Feature Articles: Network Technology for Digital Society of the FutureĦ½Toward Advanced, Smart, and Environmentally Friendly Operations
Deep Learning Based Anomaly Detection Technology for ICT Services—DeAnoS: Deep Anomaly Surveillance
In this article, we outline a deep learning based anomaly detection technology called Deep Anomaly Surveillance (DeAnoS). The NTT laboratories have been developing this technology with the aim of enabling proactive maintenance operations for ICT (information and communication technology) services. The present situation regarding verification of DeAnoS at NTT Group companies is also explained.
Keywords: Network-AI, network and service operations, anomaly detection
NTT Network Technology Laboratories is developing a deep learning based anomaly detection technology called Deep Anomaly Surveillance (DeAnoS), which utilizes an autoencoder (AE) to promptly detect changes in the state of an ICT (information and communication technology) service [1–3]. In this article, we explain the technical issues concerning DeAnoS, which was exhibited at NTT R&D Forum 2018 Autumn held in November 2018.
2. Overview of DeAnoS
An AE, as used in DeAnoS, is a type of deep learning based neural network that enables the learning of complicated structures inherent in data. Attention is now being focused on the use of AEs in technology for detecting anomalies. When an AE is used, the dimensionality of data in the middle layer of the AE is reduced by setting the dimensionality of the middle layer to be less than that of the input and output layers and by learning the parameters for reproducing the data of the input layer in the output layer. Anomaly detection using an AE is based on the premise that normal data are distributed in the input-data space around certain manifolds that can express low dimensions. Specifically, as shown in Fig. 1, at the time of learning, a normal state is learned by using various kinds of data observed during normal operation of the system, and at the time of the test (i.e., anomaly detection), the current data are input to the AE that has learned the normal state as described above, and the distance between vectors of the input and output layers is output as the anomaly degree. When the degree of anomaly exceeds the threshold, the state is detected as an anomaly.
In addition to numerical data such as resource and traffic information based on SNMP (Simple Network Management Protocol)/MIB (Management Information Base) and flow data based on Netflow, the network data to be entered also include the syslog of routers and servers (text information). With text logs such as syslog, identifiers (IDs) are created by using syslog-analysis technology  for each syslog line, and the text log is converted to numerical data by using the appearance frequency of each ID. This process enables learning of information including syslog.
We are also working on not only detecting anomalies but also estimating their cause at the time they are detected [5, 6]. Specifically, we are investigating a method using sparse optimization for estimating which input dimension causes the anomaly degree to become higher when an anomaly is detected by the AE. With this technology, the degree of contribution of each input dimension to the degree of anomaly is calculated; accordingly, it is expected to improve the efficiency of investigation after detection of anomalies.
3. Status of verification of DeAnoS at NTT Group companies
In cooperation with NTT Group companies, we are presently verifying DeAnoS on the basis of operational data acquired from actual services, and we are assessing the effectiveness of this technology and extracting the issues for practical use. Our initiatives with the Strategic Network Management Department of NTT EAST and the Network Services Department of NTT Communications are shown in Figs. 2 and 3, respectively. First, in cooperation with the Strategic Network Management Department of NTT EAST, we confirmed the effectiveness of DeAnoS in detecting anomalies in application servers and estimating the parameters that caused them.
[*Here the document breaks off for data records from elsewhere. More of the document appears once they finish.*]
(* Let $\alpha_1,\dots,\alpha_K\in\mathbb R^d\setminus\{0\}$. (1) For every $\eta\in\mathbb R^d\setminus\{0\}$ there is a (possibly empty) subset $\{\alpha_{k_1},\dots,\alpha_{k_m}\}\subseteq\{\alpha_1,\dots,\alpha_K\}$ with $\mathcal H_\eta=\mathrm{span}\{\alpha_{k_1},\dots,\alpha_{k_m}\}$ (with $\mathcal H_\eta=\{0\}$ if empty) such that (i) $P_{\mathcal H_\eta}\eta=\sum_{p=1}^m\gamma_{k_p}\alpha_{k_p}$ for some $\gamma_{k_1},\dots,\gamma_{k_m}\ge0$; (ii) $\alpha_k^{T}P_{\mathcal H_\eta^\perp}\eta<0$ for every $k\notin\{k_1,\dots,k_m\}$; (iii) $P_{\mathcal H_\eta^\perp}\eta$ is uniquely determined by $\eta$ (independent of the choice of such a subset) and depends continuously on $\eta$; it is called the canonical projection of $\eta$ with respect to $\{\alpha_1,\dots,\alpha_K\}$. (2) Let $\omega_1,\dots,\omega_K>0$ and $\eta_n\in\mathbb R^d$ with $\eta_n/n\to\eta\ne0$. Let $f_n(\theta)=-\sum_{k=1}^K\omega_k\exp(\alpha_k^{T}\theta)+\eta_n^{T}\theta-\tfrac12\theta^{T}\theta$ with unique maximizer $\theta_n$. Then $\theta_n/n\to P_{\mathcal H_\eta^\perp}\eta$ and $f_n(\theta_n)/n^2\to\tfrac12\|P_{\mathcal H_\eta^\perp}\eta\|^2$.
   Context: $P_{\mathcal H}$ denotes orthogonal projection onto a subspace $\mathcal H$ of $\mathbb R^d$ and $\mathcal H^\perp$ its orthogonal complement. *)

(* MathComp + MathComp-Analysis, over an abstract R : realType.
   Vectors of R^d are row vectors 'rV[R]_d; a subspace H of R^d is
   represented as the row space of a matrix. *)
From HB Require Import structures.
From mathcomp Require Import all_boot all_order all_algebra.
From mathcomp Require Import all_classical all_reals all_analysis.
Set Implicit Arguments. Unset Strict Implicit. Unset Printing Implicit Defensive.
Import Order.TTheory GRing.Theory Num.Theory.
Import numFieldNormedType.Exports.
Local Open Scope ring_scope.

Definition dotv (R : realType) (d : nat) (u v : 'rV[R]_d) : R :=
  \sum_(i < d) u 0 i * v 0 i.

(* Orthogonal projection P_H onto H = row space of A.  With B := row_base A
   (a basis of H as rows, full row rank), P_H v = v B^T (B B^T)^{-1} B.
   If H = {0}, B is empty and P_H v = 0. *)
Definition orthproj (R : realType) (m d : nat) (A : 'M[R]_(m, d))
    (v : 'rV[R]_d) : 'rV[R]_d :=
  let B := row_base A in v *m B^T *m invmx (B *m B^T) *m B.

(* H_S = span {alpha_k | k in S}: row space of the matrix whose k-th row is
   alpha_k if k \in S and 0 otherwise. *)
Definition spanmx (R : realType) (d K : nat) (alpha : 'I_K -> 'rV[R]_d)
    (S : {set 'I_K}) : 'M[R]_(K, d) :=
  \matrix_(k < K, j < d) (if k \in S then alpha k 0 j else 0).

(* H_S^perp = { u | u alpha_k^T = 0 for all k in S } = row space of kermx A^T. *)
Definition perpmx (R : realType) (d K : nat) (alpha : 'I_K -> 'rV[R]_d)
    (S : {set 'I_K}) : 'M[R]_d :=
  kermx (spanmx alpha S)^T.

Definition perpproj (R : realType) (d K : nat) (alpha : 'I_K -> 'rV[R]_d)
    (S : {set 'I_K}) (eta : 'rV[R]_d) : 'rV[R]_d :=
  orthproj (perpmx alpha S) eta.

Definition admissible (R : realType) (d K : nat) (alpha : 'I_K -> 'rV[R]_d)
    (eta : 'rV[R]_d) (S : {set 'I_K}) : Prop :=
  (exists gamma : 'I_K -> R,
      (forall k, k \in S -> 0 <= gamma k) /\
      orthproj (spanmx alpha S) eta = \sum_(k in S) gamma k *: alpha k)
  /\ (forall k, k \notin S -> dotv (alpha k) (perpproj alpha S eta) < 0).

Definition fobj (R : realType) (d K : nat) (alpha : 'I_K -> 'rV[R]_d)
    (omega : 'I_K -> R) (etan : 'rV[R]_d) (theta : 'rV[R]_d) : R :=
  - (\sum_(k < K) omega k * expR (dotv (alpha k) theta))
  + dotv etan theta - 2^-1 * dotv theta theta.

From HB Require Import structures.
From mathcomp Require Import all_boot all_order all_algebra.
From mathcomp Require Import all_classical all_reals all_analysis.
From mathcomp Require Import ring lra.
Import Order.TTheory GRing.Theory Num.Theory.
Import numFieldNormedType.Exports.
Local Open Scope ring_scope.
Set Implicit Arguments. Unset Strict Implicit.
Lemma ias_bit_op o v G x u : looped_simple G ->
  ias_bit (op_graph o v G) (op_map o v G x) u =
  ias_bit G x u (+) nvec o v G u && ias_bit G x v.
Proof.
case=> sym irr; case: x => w k; rewrite (g_pair (op_map_fst o v G)) /ias_bit /=.
have [->|->|->] := labelP k; split_eq w v; split_eq u v; try split_eq u w;
  case: o; rewrite /op_map /op_graph /xch /Amx /nvec;
  by bool_cases sym irr.
Qed.

Lemma sum_IAS_op o v G X u : looped_simple G ->
  \sum_(y in op_map o v G @: X) IAS (op_graph o v G) y u =
  \sum_(x in X) IAS G x u + b2F (nvec o v G u) * \sum_(x in X) IAS G x v.
Proof.
move=> HG; rewrite big_imset /=; last by move=> x y _ _; apply: op_map_inj.
rewrite mulr_sumr -big_split; apply: eq_bigr => x _ /=.
by rewrite !IAS_bit ias_bit_op // b2F_mul b2F_add.
Qed.

Lemma sum_IAS_op_eq0 o v G X : looped_simple G ->
  (forall u, \sum_(x in X) IAS G x u = 0) <->
  (forall u, \sum_(y in op_map o v G @: X) IAS (op_graph o v G) y u = 0).
Proof.
move=> HG; have nv : nvec o v G v = false by case: HG => _ irr; case: o; rewrite /nvec ?irr.
split=> X0 u; first by rewrite sum_IAS_op // !X0 mulr0 addr0.
have := X0 v; rewrite sum_IAS_op // nv mul0r addr0 => Xv.
by have := X0 u; rewrite sum_IAS_op // Xv mulr0 addr0.
Qed.
(* Let $f:\mathbb{R}^n\to\mathbb{R}\cup\{+\infty\}$ be a proper, closed (lower semicontinuous), convex function, let $C_1,\dots,C_m\subseteq\mathbb{R}^n$ be nonempty closed convex sets, and let $\rho>0$. Define the penalized loss $$h_\rho(\mathbf{x}) = f(\mathbf{x})+\frac{\rho}{2m}\sum_{i=1}^m \operatorname{dist}(\mathbf{x},C_i)^2,$$ and assume $h_\rho$ is coercive. Starting from any $\mathbf{x}_0\in\mathbb{R}^n$, define the proximal distance iterates $$\mathbf{y}_k=\frac{1}{m}\sum_{i=1}^m P_{C_i}(\mathbf{x}_k),\qquad \mathbf{x}_{k+1}=\operatorname{prox}_{\rho^{-1}f}(\mathbf{y}_k).$$ Then a point is a fixed point of the algorithm map $\mathbf{x}\mapsto \operatorname{prox}_{\rho^{-1}f}\big(\frac{1}{m}\sum_{i=1}^m P_{C_i}(\mathbf{x})\big)$ if and only if it minimizes $h_\rho$, such fixed points exist, and the sequence $(\mathbf{x}_k)$ converges to a minimizer of $h_\rho$.
   Context: For a function $g$, $\operatorname{prox}_g(\mathbf{y})=\operatorname{argmin}_{\mathbf{x}}\big[g(\mathbf{x})+\frac12\|\mathbf{x}-\mathbf{y}\|^2\big]$, with $\|\cdot\|$ the Euclidean norm. $P_{C}(\mathbf{x})$ denotes the Euclidean projection of $\mathbf{x}$ onto the closed convex set $C$, and $\operatorname{dist}(\mathbf{x},C)=\|\mathbf{x}-P_C(\mathbf{x})\|$. *)

From HB Require Import structures.
From mathcomp Require Import all_boot all_order all_algebra.
From mathcomp Require Import all_classical all_reals all_analysis.
Set Implicit Arguments. Unset Strict Implicit. Unset Printing Implicit Defensive.
Import Order.TTheory GRing.Theory Num.Theory.
Import numFieldNormedType.Exports.
Local Open Scope classical_set_scope.
Local Open Scope ring_scope.

Section Defs.
Variables (R : realType) (n : nat).
Local Notation vec := 'rV[R]_n.

Definition enorm (x : vec) : R := Num.sqrt (\sum_(j < n) x ord0 j ^+ 2).

Definition convex_set_Rn (C : set vec) : Prop :=
  forall (x y : vec) (t : R), C x -> C y -> 0 <= t -> t <= 1 ->
    C (t *: x + (1 - t) *: y).

Definition convex_fun_Rn (f : vec -> \bar R) : Prop :=
  forall (x y : vec) (t : R), 0 < t -> t < 1 ->
    (f (t *: x + (1 - t) *: y)%R <= t%:E * f x + (1 - t)%:E * f y)%E.

Definition proper_fun (f : vec -> \bar R) : Prop :=
  (forall x, f x != -oo%E) /\ (exists x, f x \is a fin_num).

Definition closed_fun (f : vec -> \bar R) : Prop := lower_semicontinuous f.

Definition coercive (h : vec -> \bar R) : Prop :=
  forall M : R, exists r : R, forall x, r <= enorm x -> (M%:E <= h x)%E.

Definition is_proj (C : set vec) (x p : vec) : Prop :=
  C p /\ forall q, C q -> enorm (x - p) <= enorm (x - q).
Definition proj (C : set vec) (x : vec) : vec := xget 0 [set p | is_proj C x p].

Definition dist (x : vec) (C : set vec) : R := enorm (x - proj C x).

Definition is_prox (g : vec -> \bar R) (y p : vec) : Prop :=
  forall q, (g p + (2^-1 * enorm (p - y) ^+ 2)%:E
             <= g q + (2^-1 * enorm (q - y) ^+ 2)%:E)%E.
Definition prox (g : vec -> \bar R) (y : vec) : vec := xget 0 [set p | is_prox g y p].

Definition h_rho (m : nat) (f : vec -> \bar R) (C : 'I_m -> set vec) (rho : R)
  (x : vec) : \bar R :=
  (f x + (rho / (2 * m%:R) * \sum_(i < m) dist x (C i) ^+ 2)%:E)%E.

Definition pd_map (m : nat) (f : vec -> \bar R) (C : 'I_m -> set vec) (rho : R)
  (x : vec) : vec :=
  prox (fun z => (rho^-1)%:E * f z)%E
       ((m%:R)^-1 *: \sum_(i < m) proj (C i) x).

Definition is_minimizer (h : vec -> \bar R) (x : vec) : Prop :=
  forall z, (h x <= h z)%E.

End Defs.

(* Write [Y x] ([proj_avg]) for the average of the projections of [x] onto
   the [C i] and [D x] ([sqdist_sum]) for the sum of the squared distances from
   [x] to the [C i], so that the penalty of [h_rho] is [rho / (2 m) * D x] and
   the algorithm map is [T = prox_{f / rho} \o Y].  Projections onto closed
   convex sets, their average, and the proximal map of a proper closed convex
   function are all firmly nonexpansive, so every fixed point [z] of [T]
   satisfies
     ||T x - z||^2 <= ||x - z||^2 - ||x - T x||^2 / 2.
   Since [rho (x - Y x)] is a subgradient of the penalty at [x], and [D] is
   majorized by its quadratic model at [x], the optimality conditions of
   [h_rho] at [x] and of the proximal problem at [Y x] coincide: the fixed
   points of [T] are the minimizers of [h_rho], which exist because [h_rho] is
   lower semicontinuous and coercive.  By the inequality above the iterates are
   bounded and [||x_k - x_(k+1)|| -> 0], so any cluster point is a fixed point,
   and Fejer monotonicity with respect to it makes the whole sequence converge. *)

From Pilot Require Import Defs.
From mathcomp Require Import all_boot all_order all_algebra.
From mathcomp Require Import all_classical all_reals all_analysis.
From mathcomp Require Import ring lra.
Import Order.TTheory GRing.Theory Num.Theory.
Import numFieldNormedType.Exports.
Set Implicit Arguments. Unset Strict Implicit. Unset Printing Implicit Defensive.
Local Open Scope classical_set_scope.
Local Open Scope ring_scope.

Section Euclid.
Variables (R : realType) (n : nat).
Local Notation vec := 'rV[R]_n.
Implicit Types (x y z : vec).

Definition dot x y : R := \sum_(j < n) x ord0 j * y ord0 j.
Definition sqnorm x : R := dot x x.

Lemma dotC x y : dot x y = dot y x.
Proof. by apply: eq_bigr => j _; rewrite mulrC. Qed.

Lemma dotDl x y z : dot (x + y) z = dot x z + dot y z.
Proof. by rewrite /dot -big_split; apply: eq_bigr => j _; rewrite mxE mulrDl. Qed.

Lemma dotNl x y : dot (- x) y = - dot x y.
Proof. by rewrite /dot -sumrN; apply: eq_bigr => j _; rewrite mxE mulNr. Qed.

Lemma dotZl a x y : dot (a *: x) y = a * dot x y.
Proof. by rewrite /dot mulr_sumr; apply: eq_bigr => j _; rewrite mxE mulrA. Qed.

Lemma dotBl x y z : dot (x - y) z = dot x z - dot y z.
Proof. by rewrite dotDl dotNl. Qed.

Lemma dotDr x y z : dot x (y + z) = dot x y + dot x z.
Proof. by rewrite dotC dotDl !(dotC x). Qed.

Lemma dotNr x y : dot x (- y) = - dot x y.
Proof. by rewrite dotC dotNl dotC. Qed.

Lemma dotBr x y z : dot x (y - z) = dot x y - dot x z.
Proof. by rewrite dotDr dotNr. Qed.

Lemma dotZr a x y : dot x (a *: y) = a * dot x y.
Proof. by rewrite dotC dotZl dotC. Qed.

Lemma dot0l x : dot 0 x = 0.
Proof. by rewrite /dot big1 // => j _; rewrite mxE mul0r. Qed.

Lemma dot_suml m (u : 'I_m -> vec) y :
  dot (\sum_(i < m) u i) y = \sum_(i < m) dot (u i) y.
Proof.
rewrite /dot exchange_big /=; apply: eq_bigr => j _.
by rewrite summxE mulr_suml.
Qed.

Lemma dot_sumr m x (u : 'I_m -> vec) :
  dot x (\sum_(i < m) u i) = \sum_(i < m) dot x (u i).
Proof. by rewrite dotC dot_suml; apply: eq_bigr => i _; rewrite dotC. Qed.

Lemma sqnorm_ge0 x : 0 <= sqnorm x.
Proof. by apply: sumr_ge0 => j _; rewrite -expr2 sqr_ge0. Qed.

Lemma sqnorm_eq0 x : (sqnorm x == 0) = (x == 0).
Proof.
apply/eqP/eqP => [x0|->]; last exact: dot0l.
apply/rowP => j; rewrite mxE; apply/eqP; rewrite -sqrf_eq0.
have /psumr_eq0P : \sum_(i < n | true) x ord0 i ^+ 2 = 0.
  by rewrite -[RHS]x0; apply: eq_bigr => i _; rewrite expr2.
by move=> /(_ (fun i _ => sqr_ge0 (x ord0 i))) /(_ j isT) ->.
Qed.

Lemma sqnormN x : sqnorm (- x) = sqnorm x.
Proof. by rewrite /sqnorm dotNl dotNr opprK. Qed.

Lemma sqnormZ a x : sqnorm (a *: x) = a ^+ 2 * sqnorm x.
Proof. by rewrite /sqnorm dotZl dotZr mulrA expr2. Qed.

Lemma sqnormD x y : sqnorm (x + y) = sqnorm x + 2 * dot x y + sqnorm y.
Proof. rewrite /sqnorm !dotDl !dotDr (dotC y x); ring. Qed.

Lemma sqnormB x y : sqnorm (x - y) = sqnorm x - 2 * dot x y + sqnorm y.
Proof. by rewrite sqnormD dotNr sqnormN mulrN. Qed.

Lemma sqnormC x y : sqnorm (x - y) = sqnorm (y - x).
Proof. by rewrite -sqnormN opprB. Qed.

Lemma ler_dot x y : 2 * dot x y <= sqnorm x + sqnorm y.
Proof. have := sqnorm_ge0 (x - y); rewrite sqnormB; lra. Qed.

Lemma sqnormD_le x y : sqnorm (x + y) <= 2 * sqnorm x + 2 * sqnorm y.
Proof. have := ler_dot x y; rewrite sqnormD; lra. Qed.

Lemma enorm_sqr x : enorm x ^+ 2 = sqnorm x.
Proof.
rewrite /enorm sqr_sqrtr; last exact: sqnorm_ge0.
by apply: eq_bigr => j _; rewrite expr2.
Qed.

Lemma enorm_ge0 x : 0 <= enorm x.
Proof. exact: sqrtr_ge0. Qed.

Lemma ler_enorm x y : (enorm x <= enorm y) = (sqnorm x <= sqnorm y).
Proof. by rewrite -!enorm_sqr ler_pXn2r // nnegrE enorm_ge0. Qed.

Lemma dot_young x y (e : R) : 0 < e ->
  - dot x y <= sqnorm x / e + e / 4 * sqnorm y.
Proof.
move=> e0; have := sqnorm_ge0 (x + (e / 2) *: y).
rewrite sqnormD dotZr sqnormZ => h; rewrite -(ler_pM2l e0).
have -> : e * (sqnorm x / e + e / 4 * sqnorm y) = sqnorm x + (e / 2) ^+ 2 * sqnorm y.
  by field; rewrite gt_eqF.
nra.
Qed.

(* The topology of ['rV[R]_n] is that of the max norm [`|x|]. *)
Lemma ler_coord_norm x j : `|x ord0 j| <= `|x|.
Proof.
have -> : `|x| = mx_norm x by [].
rewrite mx_normrE; apply/bigmax_geP; right => /=.
by exists (ord0, j) => //=; rewrite mem_enum.
Qed.

Lemma sqr_norm_le_sqnorm x : `|x| ^+ 2 <= sqnorm x.
Proof.
have [->|x0] := eqVneq x 0; first by rewrite normr0 expr0n sqnorm_ge0.
have /mx_norm_neq0 [[i j] hij] : mx_norm x != 0.
  by apply: contra x0 => /eqP /mx_norm_eq0 ->.
have -> : `|x| = mx_norm x by [].
rewrite hij /= (ord1 i) real_normK ?num_real //.
rewrite /sqnorm /dot (bigD1 j) //= -expr2 lerDl sumr_ge0 // => k _.
by rewrite -expr2 sqr_ge0.
Qed.

Lemma norm_le_enorm x : `|x| <= enorm x.
Proof.
rewrite -(ler_pXn2r (n := 2)) // ?nnegrE ?enorm_ge0 //.
by rewrite enorm_sqr sqr_norm_le_sqnorm.
Qed.

Lemma ler_norm_dot x y : `|dot x y| <= n%:R * (`|x| * `|y|).
Proof.
apply: le_trans (ler_norm_sum _ _ _) _.
rewrite -[n in n%:R]card_ord -sum1_card natr_sum mulr_suml.
apply: ler_sum => j _; rewrite mul1r normrM.
by apply: ler_pM => //; exact: ler_coord_norm.
Qed.

Lemma sqnorm_lipschitz_below (a x : vec) :
  exists L, forall y, sqnorm (x - a) - L * `|y - x| <= sqnorm (y - a).
Proof.
exists (2 * (n%:R * `|x - a|)) => y.
have -> : y - a = (x - a) + (y - x) by rewrite [RHS]addrC addrA subrK.
rewrite (sqnormD (x - a)); have := sqnorm_ge0 (y - x).
have := ler_norm_dot (x - a) (y - x); rewrite real_ler_norml ?num_real //.
move=> /andP[h _]; nra.
Qed.

Lemma nbhs_sqnorm_lt x e : 0 < e -> nbhs x [set y | sqnorm (x - y) < e].
Proof.
move=> e0; have n1 : 0 < (n%:R : R) + 1 by rewrite ltr_wpDl.
have d0 : 0 < Num.min 1 (e / (n%:R + 1)) by rewrite lt_min ltr01 /= divr_gt0.
apply: filterS (nbhs_ball_norm x (PosNum d0)) => y /=.
rewrite lt_min => /andP[t1 t2]; set t := `|x - y| in t1 t2.
have t0 : 0 <= t := normr_ge0 _.
have := ler_norm_dot (x - y) (x - y); rewrite -/t real_ler_norml ?num_real //.
move=> /andP[_ h1]; rewrite ltr_pdivlMr // in t2.
have h2 : t * t <= t by rewrite -[leRHS]mulr1 ler_wpM2l // ltW.
have h3 : (0 : R) <= n%:R := ler0n _ _.
rewrite /sqnorm; nra.
Qed.

Lemma closed_ball_norm_compact r : compact (closed_ball_ (fun x : vec => `|x|) 0 r).
Proof.
apply: bounded_closed_compact; last exact: closed_closed_ball_.
exists r; split; first exact: num_real.
move=> M hM x; rewrite /closed_ball_ /= sub0r normrN => hx.
exact: le_trans hx (ltW hM).
Qed.

End Euclid.

Lemma le0_small_scale (R : realFieldType) (a b : R) :
  (forall t, 0 < t -> t < 1 -> a <= t * b) -> a <= 0.
Proof.
move=> h; rewrite leNgt; apply/negP => a0.
have b0 : 0 < b by have := h 2^-1 ltac:(lra) ltac:(lra); nra.
pose t := Num.min 2^-1 (a / (2 * b)).
have t0 : 0 < t by rewrite lt_min; apply/andP; split; [lra | rewrite divr_gt0 //; lra].
have t1 : t < 1 by rewrite gt_min; apply/orP; left; lra.
have : t * b <= a / (2 * b) * b by rewrite ler_wpM2r ?(ltW b0) // /t ge_min lexx orbT.
have -> : a / (2 * b) * b = a / 2 by field; rewrite gt_eqF.
have := h t t0 t1; lra.
Qed.

Section ExtendedReal.
Variable R : realType.
Local Open Scope ereal_scope.

Lemma exists_fin_between (c : R) (u : \bar R) :
  c%:E < u -> exists2 b : R, (c < b)%R & b%:E < u.
Proof.
case: u => [v| |] //=; last by exists (c + 1)%R; rewrite ?ltey //; lra.
by rewrite lte_fin => cv; exists ((c + v) / 2)%R; rewrite ?lte_fin; lra.
Qed.

Lemma exists_fin_sep (u w : \bar R) :
  u < w -> exists2 a : R, u <= a%:E & a%:E < w.
Proof.
case: u => [v| |]; case: w => [z| |] //= uw.
- by exists v.
- by exists v; rewrite ?ltey.
- by exists (z - 1)%R; rewrite ?leNye // lte_fin; lra.
- by exists 0%R; rewrite ?ltey ?leNye.
Qed.

End ExtendedReal.

Section LowerSemicontinuity.
Variable R : realType.
Local Open Scope ereal_scope.

(* A lower Lipschitz bound at each point is what the subgradient inequality of
   a convex penalty provides. *)
Lemma lower_semicontinuousD_lipschitz (V : normedModType R) (f : V -> \bar R)
    (G : V -> R) :
  lower_semicontinuous f ->
  (forall x, exists L, forall y, G x - L * `|y - x| <= G y)%R ->
  lower_semicontinuous (fun x => f x + (G x)%:E).
Proof.
move=> lf hG x a hax.
have hfx : (a - G x)%:E < f x.
  by move: hax; case: (f x) => [v| |] //=; rewrite ?ltey // -EFinD !lte_fin; lra.
have [b hb1 hb2] := exists_fin_between hfx.
have [U Ux HU] := lf x b hb2.
have [L HL] := hG x.
pose d := ((b - (a - G x)) / (`|L| + 1))%R.
have L1 : (0 < `|L| + 1)%R by rewrite ltr_wpDl.
have d0 : (0 < d)%R by rewrite divr_gt0 //; lra.
exists (U `&` ball_ Num.norm x d); first exact: filterI (nbhs_ball_norm x (PosNum d0)).
move=> y [Uy]; rewrite /ball_ /= -normrN opprB ltr_pdivlMr // => hy.
have hLy : (L * `|y - x| <= `|L| * `|y - x|)%R.
  by rewrite ler_wpM2r // real_ler_norm // num_real.
have hGy : ((a - b)%:E < (G y)%:E).
  rewrite lte_fin; apply: lt_le_trans (HL y); have := normr_ge0 (y - x)%R; nra.
by have := lteD (HU y Uy) hGy; rewrite -EFinD addrC subrK.
Qed.
Local Notation V := (\sum_l v tstar l).
Implicit Types (s : Bidder -> R) (t : T) (j : Bidder) (d : R).

Definition in_core s :=
  (forall l, 0 <= s l <= v tstar l) /\ (forall t, P t -> envelope s (v t) <= V).

Definition tight s j := exists2 t, P t & envelope s (v (drop t j)) = V.

Lemma envelope_drop s t j : 0 <= s j ->
  envelope s (v (drop t j)) = envelope s (v t) + (s j - Num.max (s j) (v t j)).
Proof.
move=> sj_ge0.
have agree l : l != j -> Num.max (s l) (v (drop t j) l) = Num.max (s l) (v t l).
  by move=> l_j; rewrite v_drop_other.
have := envelope_agree_off agree; rewrite v_drop_self max_l //; lra.
Qed.

Lemma in_core0 : in_core (fun=> 0).
Proof.
split=> [l|t Pt]; first by rewrite lexx v_ge0.
rewrite /envelope (eq_bigr (v t)); first exact: tstar_opt.
by move=> l _; rewrite max_r.
Qed.

Lemma in_core_raise s j d : in_core s -> 0 <= d -> s j + d <= v tstar j ->
    (forall t, P t -> d <= V - envelope s (v (drop t j))) ->
  in_core (raise s j d).
Proof.
move=> [s_bnd s_env] d_ge0 d_cap d_slack; have /andP[sj_ge0 _] := s_bnd j.
split=> [l|t Pt].
  rewrite /raise; case: eqP => [->|_]; last exact: s_bnd.
  by apply/andP; split; lra.
(* If [v t j <= s j + d], the constraint for [t] is the one for [drop t j];
   otherwise raising [s j] does not affect it. *)
have := s_env t Pt; have := d_slack t Pt.
rewrite envelope_raise envelope_drop //.
have [vtj_le|vtj_gt] := leP (v t j) (s j + d); first lra.
by rewrite max_r; lra.
Qed.

Lemma tight_raise s j d l : 0 <= d -> in_core (raise s j d) ->
  tight s l -> tight (raise s j d) l.
Proof.
move=> d_ge0 [_ s'_env] [t Pt env_t]; exists t => //.
apply: le_anti; rewrite s'_env ?P_drop //= -{1}env_t.
apply: le_envelope => i; rewrite /raise; case: eqP => _ //; lra.
Qed.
Second, in an initiative with the Network Services Department of NTT Communications, we confirmed a case in which it was possible to estimate the causal parameter in addition to detecting the anomaly by analyzing changes in specific events and long-term trends.
4. Future prospects
In this article, the deep learning based technology DeAnoS, which NTT Network Technology Laboratories has been developing, was outlined, and the situation regarding its verification at NTT Group companies concerning network-anomaly detection technology was described. We will continue to fine tune DeAnoS by proceeding with its technology verification with the aforementioned companies and improve the environment for utilizing DeAnoS in the real world. Future tasks regarding technology for detecting network anomalies are to (i) improve the interpretability of main causes when an anomaly is detected and (ii) adapt such technology to various environments. Accordingly, we will continue our research and development to address those issues.